▶ **What to produce**:
Starting at the top of the data and ending with the line that holds "vectors (a probability", transcribe each line exactly; include both ends.

▶ **Stored data entries**:
══════

(* When the number of features is $|F|=2$, the generalized student-proposing deferred acceptance algorithm with the LOICV proposing method is incentive compatible with rationality (IC-R).
   Context: Model: students $N$; colleges $M$, each college $c$ with positive integer capacity $x_c$ and strict preference $\succ_c$ over $N$; features $F$; utilities $u_s^f:M\to[0,1]$; for each student $s$ an independent distribution $\mu_s$ over weight vectors $w_s$ ($w_s^f\ge0$, $\sum_f w_s^f=1$). For realized $w_s$, $c\succeq_s^{w_s}c'$ iff $\sum_f w_s^fu_s^f(c)\ge\sum_f w_s^fu_s^f(c')$, strict version $\succ_s^{w_s}$; $\mathsf{null}$ ranked below any college. Generalized student-proposing DA: all students start unmatched with $R_s=\emptyset$; while some unmatched student $s$ has $R_s\ne M$, each such student proposes to $\mathsf{Next}(s,R_s)\notin R_s$ (computed from her reported data); each college keeps its $x_c$ most preferred students among those it holds and its new proposers and rejects the rest (rejected students add the college to $R_s$ and become unmatched). Output the final matching. LOICV: for each $c\notin R_s$, form the vector $(\Pr[c\succeq_s^{w_s}c'])_{c'\in M\setminus R_s,\,c'\ne c}$ sorted in ascending order; $\mathsf{Next}$ returns a college of $M\setminus R_s$ whose vector is lexicographically largest (ties broken randomly or by a predetermined rule). IC-R: each student $s$ may report any $(u_s',\mu_s')$ instead of her true data; with $\pi(s)$, $\pi'(s)$ her assignments under truthful report and misreport (others fixed), the algorithm is IC-R if $\Pr[\pi'(s)\succ_s^{w_s}\pi(s)]>1/2$ never occurs, the probability being over her true $w_s\sim\mu_s$ with true utilities. *)

From HB Require Import structures.
From mathcomp Require Import all_boot all_order all_algebra.
From mathcomp Require Import all_classical all_reals all_analysis.
Set Implicit Arguments. Unset Strict Implicit. Unset Printing Implicit Defensive.
Import Order.TTheory GRing.Theory Num.Theory.
Local Open Scope ring_scope.


(* Two features: a weight vector is a pair w = (w^1, w^2) in R * R.
   A report (or true private data) of a student consists of the two
   feature utilities u^1, u^2 : M -> R and a distribution mu over weight
   vectors (a probability measure on R * R). *)
Record report (R : realType) (M : finType) := Report {
  util1 : M -> R;
  util2 : M -> R;
  wdist : probability (R * R)%type R }.

Definition valid_report (R : realType) (M : finType) (r : report R M) : Prop :=
  (forall c, 0 <= util1 r c <= 1 /\ 0 <= util2 r c <= 1) /\
  wdist r [set w | 0 <= w.1 /\ 0 <= w.2 /\ w.1 + w.2 = 1]%classic = 1%E.

Definition wutil (R : realType) (M : finType) (u1 u2 : M -> R) (w : R * R) (c : M) : R :=
  w.1 * u1 c + w.2 * u2 c.

Definition prob_weak (R : realType) (M : finType) (r : report R M) (c c' : M) : R :=
  fine (wdist r [set w | wutil (util1 r) (util2 r) w c' <= wutil (util1 r) (util2 r) w c]%classic).

Definition loicv_vec (R : realType) (M : finType) (r : report R M) (Rs : {set M}) (c : M)
  : seq R :=
  sort <=%R [seq prob_weak r c c' | c' <- enum (~: Rs) & c' != c].

Fixpoint lex_le (R : realType) (s t : seq R) : bool :=
  match s, t with
  | [::], _ => true
  | _ :: _, [::] => false
  | x :: s', y :: t' => (x < y) || ((x == y) && lex_le s' t')
  end.

Definition loicv_best (R : realType) (M : finType) (r : report R M) (Rs : {set M})
  : {set M} :=
  [set c in ~: Rs | [forall c' in ~: Rs, lex_le (loicv_vec r Rs c') (loicv_vec r Rs c)]].

Definition tie_rule (N M : finType) (tb : N -> {set M} -> option M) : Prop :=
  forall (s : N) (A : {set M}), A != finset.set0 -> exists2 c, tb s A = Some c & c \in A.

Definition loicv_next (R : realType) (N M : finType) (tb : N -> {set M} -> option M)
  (rep : N -> report R M) (s : N) (Rs : {set M}) : option M :=
  tb s (loicv_best (rep s) Rs).

Definition strict_total (N : finType) (p : rel N) : Prop :=
  [/\ irreflexive p, transitive p & forall a b, a != b -> p a b || p b a].

(* State of the DA: rejection sets R_s and current holding college (None = unmatched). *)
Definition da_state (N M : finType) := ((N -> {set M}) * (N -> option M))%type.

Definition da_init (N M : finType) : da_state N M := (fun _ => finset.set0, fun _ => None).

Definition da_step (N M : finType) (nxt : N -> {set M} -> option M)
  (pref : M -> rel N) (cap : M -> nat) (st : da_state N M) : da_state N M :=
  let Rs := st.1 in let m := st.2 in
  let proposer s := (m s == None) && (Rs s != [set: M]) in
  let target s := if proposer s then nxt s (Rs s) else m s in
  let kept s := if target s is Some c then
                  (#|[pred t | (target t == Some c) && pref c t s]| < cap c)%N
                else false in
  (fun s => if target s is Some c then (if kept s then Rs s else c |: Rs s) else Rs s,
   fun s => if kept s then target s else None).

Definition da_terminal (N M : finType) (st : da_state N M) : bool :=
  [forall s, (st.2 s != None) || (st.1 s == [set: M])].

Definition da_outcome (N M : finType) (nxt : N -> {set M} -> option M)
  (pref : M -> rel N) (cap : M -> nat) (pi : N -> option M) : Prop :=
  exists k, da_terminal (iter k (da_step nxt pref cap) (da_init N M)) /\
    (forall j, (j < k)%N -> ~~ da_terminal (iter j (da_step nxt pref cap) (da_init N M))) /\
    pi = (iter k (da_step nxt pref cap) (da_init N M)).2.

Definition spref (R : realType) (M : finType) (u1 u2 : M -> R) (w : R * R)
  (a b : option M) : Prop :=
  match a, b with
  | Some c, Some c' => wutil u1 u2 w c' < wutil u1 u2 w c
  | Some _, None => True
  | None, _ => False
  end.

Definition upd_report (R : realType) (N M : finType) (rep : N -> report R M)
  (s : N) (r : report R M) : N -> report R M :=
  fun t => if t == s then r else rep t.

(* A misreport changes only the student's own choice function, and in deferred
   acceptance she can then never end up at a college that rejected her in the truthful run
   (a Dubins-Freedman type argument on the students who would).  Hence she obtains a
   college c' that was still available when the truthful run assigned her the LOICV-best
   college c.  With two features the weight is w = (x, 1 - x) and every utility difference
   is affine in x, so the college that is best at a median of x is a weak Condorcet winner.
   The sorted vector of c lexicographically dominates that of the winner, whose entries are
   all at least 1/2, hence Pr[c >= c'] >= 1/2. *)

From HB Require Import structures.
From mathcomp Require Import all_boot all_order.
Set Implicit Arguments. Unset Strict Implicit. Unset Printing Implicit Defensive.

Lemma exists_total_max (T : finType) (le : rel T) (A : {set T}) :
  total le -> transitive le -> A != set0 -> exists2 b, b \in A & forall t, t \in A -> le t b.
Proof.
move=> le_tot le_tr /set0Pn[a aA].
pose ge x y := le y x.
have ge_tr : transitive ge by move=> y x z xy yz; exact: le_tr yz xy.
have mem_s t : (t \in sort ge (enum A)) = (t \in A) by rewrite mem_sort mem_enum.
have ge_tot : total ge by move=> x y; exact: le_tot y x.
have := sort_sorted ge_tot (enum A).
case: (sort ge (enum A)) mem_s => [|b s] mem_s; first by have := mem_s a; rewrite aA.
move=> /(order_path_min ge_tr)/allP ge_b; exists b; first by rewrite -mem_s mem_head.
move=> t; rewrite -mem_s inE => /predU1P[->|]; last exact: ge_b.
by have := le_tot b b; rewrite orbb.
Qed.

Lemma exists_first_step (P : nat -> bool) n : ~~ P 0 -> P n ->
  exists j, [/\ j < n, ~~ P j & P j.+1].
Proof.
move=> P0; elim: n => [|n IH] Pn; first by rewrite Pn in P0.
have [/IH[j [jn Pj Pj1]]|nPn] := boolP (P n); first by exists j; split => //; exact: ltnW.
by exists n.
Qed.

Lemma card_preim_fibers (T U : finType) (A : {set T}) (B : {set U}) (h : T -> U) :
  #|[set x in A | h x \in B]| = \sum_(b in B) #|[set x in A | h x == b]|.
Proof.
rewrite -sum1_card (partition_big h (mem B)) /=; last by move=> x; rewrite inE => /andP[].
apply: eq_bigr => b bB; rewrite sum1dep_card; apply: eq_card => x; rewrite !inE.
by case: eqP => [->|_]; rewrite ?bB ?andbT ?andbF.
Qed.

(* the fibers of [g] over [f @: A] already exhaust [A] *)
Lemma fibers_le_image (T U : finType) (A : {set T}) (f g : T -> U) :
  (forall a, a \in A -> #|[set x in A | f x == f a]| <= #|[set x in A | g x == f a]|) ->
  forall a, a \in A -> g a \in f @: A.
Proof.
move=> fiber_le; set B := f @: A.
have fA : [set x in A | f x \in B] = A.
  by apply/setP => x; rewrite inE andb_idr //; exact: imset_f.
have gA : [set x in A | g x \in B] == A.
  rewrite eqEcard; apply/andP; split; first by apply/subsetP => x; rewrite inE => /andP[].
  rewrite -{1}fA !card_preim_fibers; apply: leq_sum => _ /imsetP[a aA ->].
  exact: fiber_le.
by move=> a aA; move/eqP/setP/(_ a): gA; rewrite inE aA /= => ->.
Qed.

Section StrictTotal.
Variable T : finType.
Implicit Types (p : rel T) (A B : {set T}) (k : nat).

Lemma strict_total_asym p a b : strict_total p -> p a b -> ~~ p b a.
Proof. by case=> irr tr _ ab; apply/negP => /(tr _ _ _ ab); rewrite irr. Qed.

Lemma strict_total_flip p : strict_total p -> strict_total (fun x y => p y x).
Proof.
case=> irr tr tot; split => // [y x z xy yz | a b ab]; first exact: tr yz xy.
by rewrite orbC; apply: tot.
Qed.

Lemma strict_total_top p A : strict_total p -> A != set0 ->
  exists2 b, b \in A & forall t, t \in A -> t != b -> p b t.
Proof.
case=> irr tr tot; pose le x y := (x == y) || p y x.
have le_tot : total le.
  move=> x y; rewrite /le; have [-> //|xy] := eqVneq x y.
  by rewrite /= orbC; apply: tot.
have le_tr : transitive le.
  move=> y x z /predU1P[-> //|yx] /predU1P[<-|zy]; rewrite /le ?yx ?orbT //.
  by rewrite (tr _ _ _ zy yx) orbT.
move=> /(exists_total_max le_tot le_tr)[b bA b_max]; exists b => // t tA tb.
by have /predU1P[tb'|] := b_max t tA; first by rewrite tb' eqxx in tb.
Qed.

Variable p : rel T.
Hypothesis p_st : strict_total p.

Definition topk A k := [set t in A | #|[set t' in A | p t' t]| < k].

Lemma card_topk_le A k : #|topk A k| <= k.
Proof.
rewrite leqNgt; apply/negP => k_lt.
have K_neq0 : topk A k != set0 by rewrite -card_gt0; exact: leq_ltn_trans k_lt.
have [b bK b_min] := strict_total_top (strict_total_flip p_st) K_neq0.
have := bK; rewrite inE => /andP[_ b_rank].
have : topk A k :\ b \subset [set t' in A | p t' b].
  apply/subsetP => t; rewrite !inE => /andP[tb /andP[tA t_rank]].
  by rewrite tA b_min // inE tA.
move/subset_leq_card => le_card.
have : #|topk A k| <= k by rewrite (cardsD1 b) bK add1n; exact: leq_ltn_trans le_card b_rank.
by rewrite leqNgt k_lt.
Qed.

Lemma card_topk_ge A k : k <= #|A| -> k <= #|topk A k|.
Proof.
move=> kA; rewrite leqNgt; apply/negP => K_lt.
have KA : topk A k \subset A by apply/subsetP => t; rewrite inE => /andP[].
have D_neq0 : A :\: topk A k != set0.
  by rewrite -card_gt0 cardsD (setIidPr KA) subn_gt0; exact: leq_trans K_lt kA.
have [b /setDP[bA bK] b_max] := strict_total_top p_st D_neq0.
have : [set t' in A | p t' b] \subset topk A k.
  apply/subsetP => t; rewrite inE => /andP[tA tb]; apply/negPn/negP => tK.
  have bt : p b t.
    apply: b_max; first by rewrite inE tK.
    by apply: contraTneq tb => ->; have [-> _ _] := p_st.
  by move: tb; rewrite (negbTE (strict_total_asym p_st bt)).
move/subset_leq_card/leq_ltn_trans/(_ K_lt) => b_rank.
by move: bK; rewrite inE bA b_rank.
Qed.

Lemma topk_upclosed A B k : B \subset A ->
  (forall t t', t \in B -> t' \in A -> p t' t -> t' \in B) -> topk B k \subset topk A k.
Proof.
move=> BA B_up; apply/subsetP => t; rewrite !inE => /andP[tB t_rank].
rewrite (subsetP BA _ tB); apply: leq_ltn_trans t_rank; apply: subset_leq_card.
by apply/subsetP => t'; rewrite !inE => /andP[t'A t't]; rewrite (B_up t) ?t't.
Qed.

End StrictTotal.

Section RejectionChain.
Variables (T : finType) (f : {set T} -> option T).

(* the rejection sets a student can go through when proposing according to [f] *)
Fixpoint rej_chain k : {set T} :=
  if k is k'.+1 then
    if f (rej_chain k') is Some c then c |: rej_chain k' else rej_chain k'
  else set0.

Lemma rej_chain_sub j k : j <= k -> rej_chain j \subset rej_chain k.
Proof.
move=> /subnK <-; elim: (k - j) => [|n IH] //=.
by case: (f _) => [c|] //; apply: subset_trans IH (subsetUr _ _).
Qed.

Lemma rej_chain_next k c : f (rej_chain k) = Some c -> c \in rej_chain k.+1.
Proof. by move=> /= ->; rewrite setU11. Qed.

Lemma rej_chain_le j k c : f (rej_chain k) = Some c -> c \notin rej_chain j -> j <= k.
Proof.
move=> fk; apply: contraR; rewrite -ltnNge => kj.
exact: subsetP (rej_chain_sub kj) _ (rej_chain_next fk).
Qed.

End RejectionChain.

Section DeferredAcceptance.
Variables (N M : finType) (pref : M -> rel N) (cap : M -> nat).
Hypothesis pref_st : forall c, strict_total (pref c).
Variable nxt : N -> {set M} -> option M.
Implicit Types (st : da_state N M) (u t : N) (c : M).

Local Notation step := (da_step nxt pref cap).
Local Notation run k := (iter k step (da_init N M)).

Definition da_target st u :=
  if (st.2 u == None) && (st.1 u != [set: M]) then nxt u (st.1 u) else st.2 u.

Definition da_kept st u :=
  if da_target st u is Some c then
    #|[pred t | (da_target st t == Some c) && pref c t u]| < cap c
  else false.

Lemma da_step_rej st u : (step st).1 u =
  if da_target st u is Some c then (if da_kept st u then st.1 u else c |: st.1 u)
  else st.1 u.
Proof. by []. Qed.

Lemma da_step_held st u : (step st).2 u = if da_kept st u then da_target st u else None.
Proof. by []. Qed.

Lemma da_target_held st u c : st.2 u = Some c -> da_target st u = Some c.
Proof. by rewrite /da_target => ->. Qed.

══════

▶ **Finished exercise**:
(* When the number of features is $|F|=2$, the generalized student-proposing deferred acceptance algorithm with the LOICV proposing method is incentive compatible with rationality (IC-R).
   Context: Model: students $N$; colleges $M$, each college $c$ with positive integer capacity $x_c$ and strict preference $\succ_c$ over $N$; features $F$; utilities $u_s^f:M\to[0,1]$; for each student $s$ an independent distribution $\mu_s$ over weight vectors $w_s$ ($w_s^f\ge0$, $\sum_f w_s^f=1$). For realized $w_s$, $c\succeq_s^{w_s}c'$ iff $\sum_f w_s^fu_s^f(c)\ge\sum_f w_s^fu_s^f(c')$, strict version $\succ_s^{w_s}$; $\mathsf{null}$ ranked below any college. Generalized student-proposing DA: all students start unmatched with $R_s=\emptyset$; while some unmatched student $s$ has $R_s\ne M$, each such student proposes to $\mathsf{Next}(s,R_s)\notin R_s$ (computed from her reported data); each college keeps its $x_c$ most preferred students among those it holds and its new proposers and rejects the rest (rejected students add the college to $R_s$ and become unmatched). Output the final matching. LOICV: for each $c\notin R_s$, form the vector $(\Pr[c\succeq_s^{w_s}c'])_{c'\in M\setminus R_s,\,c'\ne c}$ sorted in ascending order; $\mathsf{Next}$ returns a college of $M\setminus R_s$ whose vector is lexicographically largest (ties broken randomly or by a predetermined rule). IC-R: each student $s$ may report any $(u_s',\mu_s')$ instead of her true data; with $\pi(s)$, $\pi'(s)$ her assignments under truthful report and misreport (others fixed), the algorithm is IC-R if $\Pr[\pi'(s)\succ_s^{w_s}\pi(s)]>1/2$ never occurs, the probability being over her true $w_s\sim\mu_s$ with true utilities. *)

From HB Require Import structures.
From mathcomp Require Import all_boot all_order all_algebra.
From mathcomp Require Import all_classical all_reals all_analysis.
Set Implicit Arguments. Unset Strict Implicit. Unset Printing Implicit Defensive.
Import Order.TTheory GRing.Theory Num.Theory.
Local Open Scope ring_scope.


(* Two features: a weight vector is a pair w = (w^1, w^2) in R * R.
   A report (or true private data) of a student consists of the two
   feature utilities u^1, u^2 : M -> R and a distribution mu over weight
   vectors (a probability measure on R * R). *)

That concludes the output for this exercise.